Entries shown Start Marker

(* Let $C^*,C_1,C_2>0$. Let $\underline{\boldsymbol m}_h^{(1)},\underline{\boldsymbol m}_h^{(2)}\in\boldsymbol X$ with $|\underline{\boldsymbol m}_h^{(q)}|=1$ pointwise and $\|\underline{\boldsymbol m}_h^{(q)}\|_\infty+\|\nabla_h\underline{\boldsymbol m}_h^{(q)}\|_\infty\le C^*$, $q=1,2$. Let $\tilde{\boldsymbol m}_h^{(1)},\tilde{\boldsymbol m}_h^{(2)}\in\boldsymbol X$, set $\boldsymbol m_h^{(q)}=\tilde{\boldsymbol m}_h^{(q)}/|\tilde{\boldsymbol m}_h^{(q)}|$, $\boldsymbol e_h^{(q)}=\underline{\boldsymbol m}_h^{(q)}-\boldsymbol m_h^{(q)}$, $\tilde{\boldsymbol e}_h^{(q)}=\underline{\boldsymbol m}_h^{(q)}-\tilde{\boldsymbol m}_h^{(q)}$. Suppose $C_1h\le k\le C_2h$, $$\|\tilde{\boldsymbol e}_h^{(q)}\|_2\le2k^{15/8},\quad\|\nabla_h\tilde{\boldsymbol e}_h^{(q)}\|_2\le\tfrac12k^{11/8}\ (q=1,2),\qquad\|\underline{\boldsymbol m}_h^{(1)}-\underline{\boldsymbol m}_h^{(2)}\|_\infty\le\tfrac14k^{7/8}.$$ Then, for $k$ and $h$ sufficiently small, $$\big|\langle\tilde{\boldsymbol e}_h^{(1)}-\boldsymbol e_h^{(1)},\boldsymbol e_h^{(2)}\rangle\big|\le k^{5/4}\|\boldsymbol e_h^{(2)}\|_2^2+k^{1/4}\|\tilde{\boldsymbol e}_h^{(1)}-\boldsymbol e_h^{(1)}\|_2^2.$$
   Context: $\Omega=[0,1]^3$, $h=1/N$, cell-centered grid points $((i-\tfrac12)h,(j-\tfrac12)h,(\ell-\tfrac12)h)$, $0\le i,j,\ell\le N+1$, interior points $\Omega_h^0$ those with $1\le i,j,\ell\le N$. $\boldsymbol X$ is the space of $\mathbb R^3$-valued grid functions satisfying the discrete Neumann condition $\boldsymbol m_{0,j,\ell}=\boldsymbol m_{1,j,\ell}$, $\boldsymbol m_{N+1,j,\ell}=\boldsymbol m_{N,j,\ell}$ (and analogously in $j,\ell$). Forward differences $D_xf_{i,j,\ell}=(f_{i+1,j,\ell}-f_{i,j,\ell})/h$ (similarly $D_y,D_z$); $\nabla_h$ collects all forward differences. $\langle\boldsymbol f,\boldsymbol g\rangle=h^3\sum_{\Omega_h^0}\boldsymbol f\cdot\boldsymbol g$, $\|\boldsymbol f\|_2=\langle\boldsymbol f,\boldsymbol f\rangle^{1/2}$, $\|\boldsymbol f\|_\infty=\max_{\Omega_h^0}|\boldsymbol f|$, and $\|\nabla_h\boldsymbol f\|_2,\|\nabla_h\boldsymbol f\|_\infty$ are the analogous discrete norms of the difference quotients. *)

From HB Require Import structures.
From mathcomp Require Import all_boot all_order all_algebra.
From mathcomp Require Import all_classical all_reals.
From mathcomp Require Import exp.
Set Implicit Arguments. Unset Strict Implicit. Unset Printing Implicit Defensive.
Import Order.TTheory GRing.Theory Num.Theory.
Local Open Scope ring_scope.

Entries shown End Marker

:: Assignment ::
From the line that contains "From mathcomp Require Import all_classical" through the last line of the listing, every line is to be restated word for word, both ends included.

:: Exercise answer ::
From mathcomp Require Import all_classical all_reals.
From mathcomp Require Import exp.
Set Implicit Arguments. Unset Strict Implicit. Unset Printing Implicit Defensive.
Import Order.TTheory GRing.Theory Num.Theory.
Local Open Scope ring_scope.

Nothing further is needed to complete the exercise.